**Problem description:** Copy exactly the stretch of data below from the line with "set L := [set p | _]." through the line with "move=> [a [b", including both of those lines.

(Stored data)
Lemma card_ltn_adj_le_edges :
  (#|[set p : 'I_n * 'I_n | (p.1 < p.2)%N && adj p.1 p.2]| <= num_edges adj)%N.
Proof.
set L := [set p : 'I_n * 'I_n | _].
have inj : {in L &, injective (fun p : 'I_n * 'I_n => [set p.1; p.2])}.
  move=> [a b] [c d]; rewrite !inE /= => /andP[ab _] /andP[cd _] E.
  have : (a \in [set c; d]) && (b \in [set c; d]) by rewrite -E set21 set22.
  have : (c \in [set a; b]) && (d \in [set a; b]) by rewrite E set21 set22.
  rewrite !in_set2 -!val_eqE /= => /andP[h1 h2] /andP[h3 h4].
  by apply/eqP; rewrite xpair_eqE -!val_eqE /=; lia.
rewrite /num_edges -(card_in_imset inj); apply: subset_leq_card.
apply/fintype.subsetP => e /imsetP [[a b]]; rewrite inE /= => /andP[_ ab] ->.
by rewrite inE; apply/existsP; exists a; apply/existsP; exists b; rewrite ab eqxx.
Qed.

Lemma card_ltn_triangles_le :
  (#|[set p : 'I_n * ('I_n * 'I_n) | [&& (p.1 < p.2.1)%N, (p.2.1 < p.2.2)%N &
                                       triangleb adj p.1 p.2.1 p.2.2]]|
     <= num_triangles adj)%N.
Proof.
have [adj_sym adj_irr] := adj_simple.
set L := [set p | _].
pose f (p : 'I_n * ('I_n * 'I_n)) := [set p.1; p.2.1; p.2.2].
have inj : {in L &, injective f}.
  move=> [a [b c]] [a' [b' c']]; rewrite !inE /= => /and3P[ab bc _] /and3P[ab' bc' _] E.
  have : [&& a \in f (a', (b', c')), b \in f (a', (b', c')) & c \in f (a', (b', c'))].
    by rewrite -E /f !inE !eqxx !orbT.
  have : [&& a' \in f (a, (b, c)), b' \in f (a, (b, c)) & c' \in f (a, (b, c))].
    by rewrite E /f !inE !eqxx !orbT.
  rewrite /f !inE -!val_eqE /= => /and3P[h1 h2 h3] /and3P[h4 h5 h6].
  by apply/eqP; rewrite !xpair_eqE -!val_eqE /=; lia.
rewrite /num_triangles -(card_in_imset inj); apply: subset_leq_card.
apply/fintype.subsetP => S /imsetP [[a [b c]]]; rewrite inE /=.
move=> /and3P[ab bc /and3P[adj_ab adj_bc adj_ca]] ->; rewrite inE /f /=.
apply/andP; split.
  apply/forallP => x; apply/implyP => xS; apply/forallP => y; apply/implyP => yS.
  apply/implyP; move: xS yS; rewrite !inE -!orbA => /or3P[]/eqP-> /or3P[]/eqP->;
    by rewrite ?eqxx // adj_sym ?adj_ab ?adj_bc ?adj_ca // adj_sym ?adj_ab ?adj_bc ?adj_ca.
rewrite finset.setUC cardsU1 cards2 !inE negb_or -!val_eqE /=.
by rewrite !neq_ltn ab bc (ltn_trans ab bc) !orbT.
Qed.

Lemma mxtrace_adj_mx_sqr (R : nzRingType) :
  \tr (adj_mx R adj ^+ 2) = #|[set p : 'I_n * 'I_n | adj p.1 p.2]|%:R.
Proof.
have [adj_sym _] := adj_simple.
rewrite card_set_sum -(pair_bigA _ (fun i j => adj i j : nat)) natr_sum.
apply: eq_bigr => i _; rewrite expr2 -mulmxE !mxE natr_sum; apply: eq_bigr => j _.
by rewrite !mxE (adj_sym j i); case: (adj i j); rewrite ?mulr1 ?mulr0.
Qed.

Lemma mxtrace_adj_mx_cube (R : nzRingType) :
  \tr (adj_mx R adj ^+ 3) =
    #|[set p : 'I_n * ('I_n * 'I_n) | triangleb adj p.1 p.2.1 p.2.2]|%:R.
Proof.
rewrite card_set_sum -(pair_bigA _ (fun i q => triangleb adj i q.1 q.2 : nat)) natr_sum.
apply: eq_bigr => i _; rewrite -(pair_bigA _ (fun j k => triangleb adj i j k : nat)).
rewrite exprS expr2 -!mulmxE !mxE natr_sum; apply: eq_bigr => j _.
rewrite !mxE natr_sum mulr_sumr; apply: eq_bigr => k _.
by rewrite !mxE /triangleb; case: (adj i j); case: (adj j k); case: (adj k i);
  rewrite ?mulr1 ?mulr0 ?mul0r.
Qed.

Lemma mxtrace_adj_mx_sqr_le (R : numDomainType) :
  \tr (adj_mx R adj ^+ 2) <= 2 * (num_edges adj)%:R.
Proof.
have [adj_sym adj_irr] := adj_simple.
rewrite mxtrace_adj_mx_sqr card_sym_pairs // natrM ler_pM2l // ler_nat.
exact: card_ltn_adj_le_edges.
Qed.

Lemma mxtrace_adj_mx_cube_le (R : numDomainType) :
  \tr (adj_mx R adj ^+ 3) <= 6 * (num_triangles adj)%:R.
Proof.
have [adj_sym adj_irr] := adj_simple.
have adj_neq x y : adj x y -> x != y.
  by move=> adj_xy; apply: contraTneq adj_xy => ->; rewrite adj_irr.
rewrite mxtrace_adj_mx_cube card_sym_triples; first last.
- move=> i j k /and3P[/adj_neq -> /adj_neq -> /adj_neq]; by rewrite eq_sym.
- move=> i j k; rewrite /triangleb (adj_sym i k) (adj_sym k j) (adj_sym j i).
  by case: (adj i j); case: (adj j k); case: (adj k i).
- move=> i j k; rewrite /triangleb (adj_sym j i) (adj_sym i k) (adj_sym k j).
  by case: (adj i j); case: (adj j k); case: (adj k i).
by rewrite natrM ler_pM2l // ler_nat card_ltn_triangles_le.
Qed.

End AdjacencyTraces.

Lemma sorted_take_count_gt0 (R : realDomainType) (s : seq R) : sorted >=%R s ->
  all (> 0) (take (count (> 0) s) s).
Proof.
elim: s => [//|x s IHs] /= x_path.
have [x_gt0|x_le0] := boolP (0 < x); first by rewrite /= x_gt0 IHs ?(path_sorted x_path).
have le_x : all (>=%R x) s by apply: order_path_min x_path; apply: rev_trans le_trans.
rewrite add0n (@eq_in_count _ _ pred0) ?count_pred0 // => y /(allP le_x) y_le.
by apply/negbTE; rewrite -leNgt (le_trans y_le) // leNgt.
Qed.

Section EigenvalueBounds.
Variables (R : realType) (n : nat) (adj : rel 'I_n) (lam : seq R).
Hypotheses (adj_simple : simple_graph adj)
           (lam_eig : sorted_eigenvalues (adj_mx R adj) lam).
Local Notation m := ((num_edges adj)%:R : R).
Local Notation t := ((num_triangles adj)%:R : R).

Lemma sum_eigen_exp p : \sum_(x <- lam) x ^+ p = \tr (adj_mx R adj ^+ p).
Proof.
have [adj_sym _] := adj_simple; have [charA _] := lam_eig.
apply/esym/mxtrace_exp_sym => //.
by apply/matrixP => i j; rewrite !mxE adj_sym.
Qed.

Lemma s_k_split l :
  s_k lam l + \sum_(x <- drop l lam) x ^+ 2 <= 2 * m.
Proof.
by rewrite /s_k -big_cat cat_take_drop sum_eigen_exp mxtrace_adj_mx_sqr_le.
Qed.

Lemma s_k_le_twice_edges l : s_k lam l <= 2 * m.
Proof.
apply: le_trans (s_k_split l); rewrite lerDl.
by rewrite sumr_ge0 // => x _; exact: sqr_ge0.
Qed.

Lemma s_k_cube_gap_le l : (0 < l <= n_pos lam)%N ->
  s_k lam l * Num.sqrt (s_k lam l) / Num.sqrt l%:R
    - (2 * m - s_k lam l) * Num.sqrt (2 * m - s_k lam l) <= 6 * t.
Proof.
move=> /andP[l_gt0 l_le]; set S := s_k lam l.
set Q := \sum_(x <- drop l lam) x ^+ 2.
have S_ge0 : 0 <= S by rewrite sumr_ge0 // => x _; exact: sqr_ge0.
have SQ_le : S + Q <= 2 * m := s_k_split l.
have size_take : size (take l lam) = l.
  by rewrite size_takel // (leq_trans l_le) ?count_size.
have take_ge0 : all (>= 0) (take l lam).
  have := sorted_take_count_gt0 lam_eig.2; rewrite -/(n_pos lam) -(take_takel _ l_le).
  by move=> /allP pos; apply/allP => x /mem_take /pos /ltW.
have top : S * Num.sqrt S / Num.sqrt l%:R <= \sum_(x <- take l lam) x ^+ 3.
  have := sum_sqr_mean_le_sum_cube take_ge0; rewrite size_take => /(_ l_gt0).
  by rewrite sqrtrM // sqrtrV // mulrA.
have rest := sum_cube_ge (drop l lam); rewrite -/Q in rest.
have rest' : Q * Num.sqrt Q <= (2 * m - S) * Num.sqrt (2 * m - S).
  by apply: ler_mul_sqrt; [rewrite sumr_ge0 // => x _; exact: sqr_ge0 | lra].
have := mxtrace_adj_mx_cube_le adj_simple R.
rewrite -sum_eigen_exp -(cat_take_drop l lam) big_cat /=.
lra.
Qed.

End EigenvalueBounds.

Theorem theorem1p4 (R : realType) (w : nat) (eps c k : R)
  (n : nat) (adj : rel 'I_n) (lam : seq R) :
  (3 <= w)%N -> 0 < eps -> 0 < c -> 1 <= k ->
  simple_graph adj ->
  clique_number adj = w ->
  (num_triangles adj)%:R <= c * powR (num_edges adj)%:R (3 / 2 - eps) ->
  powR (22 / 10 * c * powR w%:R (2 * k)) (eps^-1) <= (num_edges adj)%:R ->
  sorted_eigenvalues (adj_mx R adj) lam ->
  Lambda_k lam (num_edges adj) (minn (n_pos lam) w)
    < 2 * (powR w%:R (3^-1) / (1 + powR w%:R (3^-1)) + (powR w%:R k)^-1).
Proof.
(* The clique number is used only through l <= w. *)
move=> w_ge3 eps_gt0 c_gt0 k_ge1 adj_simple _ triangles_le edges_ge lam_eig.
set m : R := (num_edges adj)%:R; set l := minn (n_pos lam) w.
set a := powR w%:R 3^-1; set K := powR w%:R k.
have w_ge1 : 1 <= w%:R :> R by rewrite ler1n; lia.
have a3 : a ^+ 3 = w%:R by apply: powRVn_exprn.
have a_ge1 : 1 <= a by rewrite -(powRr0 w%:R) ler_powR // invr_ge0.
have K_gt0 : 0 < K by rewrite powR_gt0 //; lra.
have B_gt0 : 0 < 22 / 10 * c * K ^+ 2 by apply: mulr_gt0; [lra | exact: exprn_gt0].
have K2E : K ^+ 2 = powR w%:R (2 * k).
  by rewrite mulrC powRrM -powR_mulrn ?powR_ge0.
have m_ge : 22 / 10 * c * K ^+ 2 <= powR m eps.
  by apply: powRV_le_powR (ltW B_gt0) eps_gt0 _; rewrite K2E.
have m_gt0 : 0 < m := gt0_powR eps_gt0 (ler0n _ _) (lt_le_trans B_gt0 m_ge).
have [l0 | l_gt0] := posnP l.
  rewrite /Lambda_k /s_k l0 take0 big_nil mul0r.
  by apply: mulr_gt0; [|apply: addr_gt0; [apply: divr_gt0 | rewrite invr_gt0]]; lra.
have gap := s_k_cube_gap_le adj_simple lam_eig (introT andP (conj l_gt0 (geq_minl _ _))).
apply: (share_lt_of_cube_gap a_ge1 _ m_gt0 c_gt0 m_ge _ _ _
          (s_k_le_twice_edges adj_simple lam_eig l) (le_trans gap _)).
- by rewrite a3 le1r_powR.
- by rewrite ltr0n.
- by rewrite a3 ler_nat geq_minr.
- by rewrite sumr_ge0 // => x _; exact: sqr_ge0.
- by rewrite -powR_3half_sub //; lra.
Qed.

**Solution:**
set L := [set p | _].
pose f (p : 'I_n * ('I_n * 'I_n)) := [set p.1; p.2.1; p.2.2].
have inj : {in L &, injective f}.
  move=> [a [b c]] [a' [b' c']]; rewrite !inE /= => /and3P[ab bc _] /and3P[ab' bc' _] E.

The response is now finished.